As set forth in Rule 1.7 and the Comments that follow, you would need to explain to your clients the material limitations, if any, on the representation and ensure that the client understands those in full before undertaking the representation. While the Committee is of the view that this is not a situation in which a disinterested lawyer would conclude that there is no possibility of obtaining your clients' consent after consultation in all circumstances, because of the Committee's concerns about the fee-sharing aspects we believe you should not engage in that exercise.

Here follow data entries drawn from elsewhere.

Lemma covers_viaP u u' (p : 'I_k * 'I_k) : covers_via u u' p ->
  [/\ p.1 < p.2, u' = (tperm p.1 p.2 * u)%g, u p.1 < u p.2 &
      forall x, p.1 < x < p.2 -> (u x < u p.1) || (u p.2 < u x)].
Proof.
case/and3P=> h12 /eqP -> /eqP hl.
have len_tperm (v : 'S_k) : v p.1 < v p.2 ->
    len (tperm p.1 p.2 * v) = len v + 1 + 2 * between_count v p.1 p.2 0 k.
  by move=> hv; rewrite !len_block_inv block_inv_tperm.
have hlt : u p.1 < u p.2.
  have /(perm_val_neq u)[_] : p.1 != p.2 by rewrite -val_eqE neq_ltn h12.
  case: ltngtP => // hgt _; pose v := (tperm p.1 p.2 * u)%g.
  have uv : u = (tperm p.1 p.2 * v)%g by rewrite /v mulgA tperm2 mul1g.
  have := len_tperm v; rewrite -uv hl /v !permM tpermL tpermR => /(_ hgt); lia.
split => // x hx; move: (len_tperm u hlt); rewrite hl => E.
have /eqP : between_count u p.1 p.2 0 k = 0 by lia.
rewrite /between_count sum_nat_eq0 => /forallP /(_ x); rewrite /in_block ltn_ord hx /=.
have /(perm_val_neq u)[_ ?] : x != p.1 by apply: contraTneq hx => ->; lia.
have /(perm_val_neq u)[_ ?] : x != p.2 by apply: contraTneq hx => ->; lia.
lia.
Qed.

Lemma block_inv_cover u u' (p : 'I_k * 'I_k) s e : covers_via u u' p ->
  block_inv u' s e <= block_inv u s e + ((s <= p.1) && (p.2 < e)).
Proof.
move=> /covers_viaP[h12 -> hlt gap].
have [/andP[sn me]|out] := boolP ((s <= p.1) && (p.2 < e)).
  by rewrite block_inv_tperm // between_count_eq0 //; lia.
rewrite addn0; apply: leq_sum => x bx; apply: leq_sum => y byy; rewrite !permM.
move: bx byy out (gap x) (gap y); rewrite /in_block.
case: (tpermP p.1 p.2 x) => [->|->|/eqP/(perm_val_neq u)[? ?] /eqP/(perm_val_neq u)[? ?]];
case: (tpermP p.1 p.2 y) => [->|->|/eqP/(perm_val_neq u)[? ?] /eqP/(perm_val_neq u)[? ?]];
lia.
Qed.

Lemma inv_set_adj_descent w p q : p < q -> (w p : nat) = (w q).+1 ->
  inv_set w = (p, q) |: inv_set (tperm p q * w)%g /\
  (p, q) \notin inv_set (tperm p q * w)%g.
Proof.
move=> pq wpq; split; last by rewrite inE /= !permM tpermL tpermR; lia.
apply/setP => [[x y]]; rewrite !inE /= !permM xpair_eqE -!val_eqE /=.
case: (tpermP p q x) => [->|->|/eqP/(perm_val_neq w)[? ?] /eqP/(perm_val_neq w)[? ?]];
case: (tpermP p q y) => [->|->|/eqP/(perm_val_neq w)[? ?] /eqP/(perm_val_neq w)[? ?]];
lia.
Qed.
(* Let $(G,u)$ be a countable unperforated partially ordered abelian group with order unit $u$. Then $\{\tau\in S(G,u):\ker\tau=\mathrm{Inf}(G)\}$ is a dense $G_\delta$ subset of $S(G,u)$.
   Context: $u$ is an order unit: for every $g\in G$ there is $n\in\mathbb Z^+$ with $nu-g\ge0$. Unperforated: $ng\ge0$ for some $n\in\mathbb N$ implies $g\ge0$. A state is a homomorphism $\tau:G\to\mathbb R$ with $\tau(G^+)\ge0$ and $\tau(u)=1$; $S(G,u)$ is the set of states with the topology of pointwise convergence (a compact convex subset of $\mathbb R^G$). $\mathrm{Inf}(G)=\{g\in G:-\epsilon u\le g\le\epsilon u\text{ for all rational }\epsilon>0\}$. *)

From HB Require Import structures.
From mathcomp Require Import all_boot all_order all_algebra.
From mathcomp Require Import all_classical all_reals all_analysis.
Import numFieldNormedType.Exports.
Set Implicit Arguments. Unset Strict Implicit. Unset Printing Implicit Defensive.
Import Order.TTheory GRing.Theory Num.Theory.
Local Open Scope classical_set_scope.
Local Open Scope ring_scope.

(* A partially ordered abelian group is a Z-module G with a positive cone P:
   x <= y iff y - x \in P. *)
Definition positive_cone (G : zmodType) (P : set G) : Prop :=
  [/\ P 0, (forall x y, P x -> P y -> P (x + y)) &
      (forall x, P x -> P (- x) -> x = 0)].

Definition order_unit (G : zmodType) (P : set G) (u : G) : Prop :=
  forall g : G, exists n : nat, (0 < n)%N /\ P (u *+ n - g).
Lemma sqrn_expRN_le (k : R) (M : nat) : 0 < k -> (0 < M)%N ->
  M%:R ^+ 2 * expR (- (k * M%:R)) <= 27 / (k ^+ 3 * M%:R).
Proof.
move=> k0 M0; have Mp : 0 < (M%:R : R) by rewrite ltr0n.
set x := k * M%:R; have x0 : 0 < x by rewrite mulr_gt0.
have cube_le : x ^+ 3 / 27 <= expR x.
  have -> : expR x = expR (x / 3) ^+ 3 by rewrite -expRM_natl; congr expR; field.
  rewrite (_ : x ^+ 3 / 27 = (x / 3) ^+ 3); last by field.
  apply: lerXn2r; rewrite ?nnegrE ?expR_ge0 ?divr_ge0 ?ltW //.
  by have := expR_ge1Dx (x / 3); lra.
rewrite expRN ler_pdivlMr ?mulr_gt0 ?exprn_gt0 //.
rewrite (_ : M%:R ^+ 2 / expR x * (k ^+ 3 * M%:R) = x ^+ 3 / expR x); last first.
  by rewrite /x; field; rewrite gt_eqF ?expR_gt0.
by rewrite ler_pdivrMr ?expR_gt0 // mulrC -ler_pdivrMr //.
Qed.

End exponential_bounds.

Section tail_bounds.
Variables (R : realType) (theta c : R) (m n : nat).
Hypotheses (theta01 : 0 <= theta <= 1) (cmn : c * m%:R <= n%:R).

Lemma expR_decreasing_tail (y : R) : -1 <= y <= 0 ->
  (1 + y) ^+ n <= expR (c * m%:R * y).
Proof.
case/andP=> y1 y0; apply: le_trans (exprn_le_expR _ y1) _.
by rewrite ler_expR ler_wnM2r.
Qed.

Lemma row_zeros_tail_expR (t : R) : 1 <= t -> (1 - theta) * c = 2 * t - 1 ->
  t ^+ m * (theta + (1 - theta) / t) ^+ n <= expR (- ((t - 1) ^+ 2 / t * m%:R)).
Proof.
case/andP: theta01 => th0 th1 t1 ct; have t0 : 0 < t by rewrite (lt_le_trans ltr01).
have tV1 : t^-1 <= 1 by rewrite invf_le1.
have tV0 : 0 <= t^-1 by rewrite invr_ge0 ltW.
have tm : t ^+ m <= expR (m%:R * (t - 1)).
  by have := exprn_le_expR (y := t - 1) m; rewrite subrKC; apply; lra.
have qn : (theta + (1 - theta) / t) ^+ n <=
    expR (c * m%:R * - ((1 - theta) * (1 - t^-1))).
  rewrite (_ : theta + _ = 1 + - ((1 - theta) * (1 - t^-1))); last by ring.
  by apply: expR_decreasing_tail; apply/andP; split; nra.
have -> : - ((t - 1) ^+ 2 / t * m%:R) =
    m%:R * (t - 1) + c * m%:R * - ((1 - theta) * (1 - t^-1)).
  rewrite (_ : c * m%:R * _ = - (m%:R * ((1 - theta) * c) * (1 - t^-1))); last by ring.
  by rewrite ct; field; exact: lt0r_neq0.
rewrite expRD; apply: ler_pM => //; apply: exprn_ge0; first exact: ltW.
by apply: addr_ge0 => //; rewrite mulr_ge0 // subr_ge0.
Qed.

Lemma twin_rows_tail_expR :
  (1 - theta * (1 - theta)) ^+ n <= expR (- (c * theta * (1 - theta) * m%:R)).
Proof.
case/andP: theta01 => th0 th1.
rewrite (_ : - (c * theta * (1 - theta) * m%:R) = c * m%:R * - (theta * (1 - theta)));
  last by ring.
by apply: expR_decreasing_tail; apply/andP; split; nra.
Qed.

End tail_bounds.

Lemma good_pattern_weight_ge (R : realType) (theta c : R) :
  0 < theta < 1 -> 1 < (1 - theta) * c ->
  exists A : R, forall m n : nat, (0 < m)%N -> c * m%:R <= n%:R ->
    1 - A / m%:R <=
    \sum_(F : {ffun 'I_n -> {ffun 'I_m -> bool}} | good_pattern (m - 1) F)
      pattern_weight theta F.
Proof.
case/andP => th0 th1 c1; have th01 : 0 <= theta <= 1 by rewrite !ltW.
have c0 : 0 < c by nra.
pose t := (1 + (1 - theta) * c) / 2; have t1 : 1 < t by rewrite /t; lra.
pose kappa := Num.min ((t - 1) ^+ 2 / t) (c * theta * (1 - theta)).
have kappa0 : 0 < kappa.
  by rewrite lt_min !mulr_gt0 ?divr_gt0 ?exprn_gt0 ?subr_gt0 ?invr_gt0 //; lra.
exists (54 / kappa ^+ 3) => m n m0 cmn.
have mR1 : 1 <= (m%:R : R) by rewrite ler1n.
apply: le_trans (sum_good_pattern_ge th01 _ _ (m - 1) (ltW t1)).
rewrite !card_ord lerD2l lerN2.
set E := expR (- (kappa * m%:R)).
have rowE : t ^+ (m - 1) * (theta + (1 - theta) / t) ^+ n <= E.
  apply: (@le_trans _ _ (t ^+ m * (theta + (1 - theta) / t) ^+ n)).
    apply: ler_wpM2r; last by rewrite ler_weXn2l ?leq_subr // ltW.
    by rewrite exprn_ge0 // addr_ge0 ?divr_ge0 //; lra.
  apply: le_trans (row_zeros_tail_expR th01 cmn (ltW t1) _) _; first by rewrite /t; field.
  by rewrite ler_expR lerN2 ler_wpM2r // ge_min lexx.
have twinE : (1 - theta * (1 - theta)) ^+ n <= E.
  apply: le_trans (twin_rows_tail_expR th01 cmn) _.
  by rewrite ler_expR lerN2 ler_wpM2r // ge_min lexx orbT.
have mE : m%:R * (t ^+ (m - 1) * (theta + (1 - theta) / t) ^+ n) <= m%:R ^+ 2 * E.
  apply: le_trans (ler_wpM2l (ler0n _ m) rowE) _.
  by rewrite expr2 -mulrA ler_peMl // mulr_ge0 ?expR_ge0.
have m2E : (m ^ 2)%:R * (1 - theta * (1 - theta)) ^+ n <= m%:R ^+ 2 * E.
  by rewrite natrX ler_wpM2l ?exprn_ge0.
have := sqrn_expRN_le kappa0 m0.
rewrite (_ : 54 / kappa ^+ 3 / m%:R = 2 * (27 / (kappa ^+ 3 * m%:R))); last first.
  by field; rewrite !gt_eqF // ltr0n.
rewrite -/E; lra.
Qed.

For reasons set forth above related to your independent professional judgment the Committee believes the actions you propose would violate the Maryland Rules of Professional Conduct. Certainly, the combination of Rules 1.7, 1.8 and 5.4 make it clear that such arrangements are not permissible in Maryland.1

 

1 In addition to your inquiry, you advise that this business arrangement is permissible in the District of Columbia and several other jurisdictions. In a subsequent telephone conversation, you advise that you are a member of the District of Columbia Bar and question why you must conform to Maryland's more stringent Rules. We refer you to Rule 8.5(a), which provides:

"A lawyer admitted by the Court of Appeals to practice in this State is subject to the disciplinary authority of this State for a violation of these rules in this or any other jurisdiction (emphasis supplied). See also Attorney Grievance Commission of Maryland v Hopp, 330 Md. 177, 185 (1993) and Ethics opinion 04-04. A copy of that opinion may be obtained from the website of the Committee, www.msba.org. 

REFERENCES:
Ethics Opinions: Ethics Docket 1994-22, 1996-17, 1999-18, 2000-34, 2000-35, 2000-40 and 2002-05

 


DISCLAIMER: Opinions of the Maryland State Bar Association (MSBA) Ethics Committee are an uncompensated service of the MSBA. This Committee’s opinions are not binding on the Maryland Court of Appeals, Maryland Attorney Grievance Commission, MSBA or this Committee. The reader is advised that subsequent judicial opinions, revisions to the rules of professional conduct, and future opinions of this Committee may render the Opinions stated herein outdated. As such, the Committee’s opinions are advisory only and neither the Committee nor the MSBA assumes any liability whatsoever with respect thereto. Accordingly, reliance upon the opinions of this Committee is solely at the risk of the user.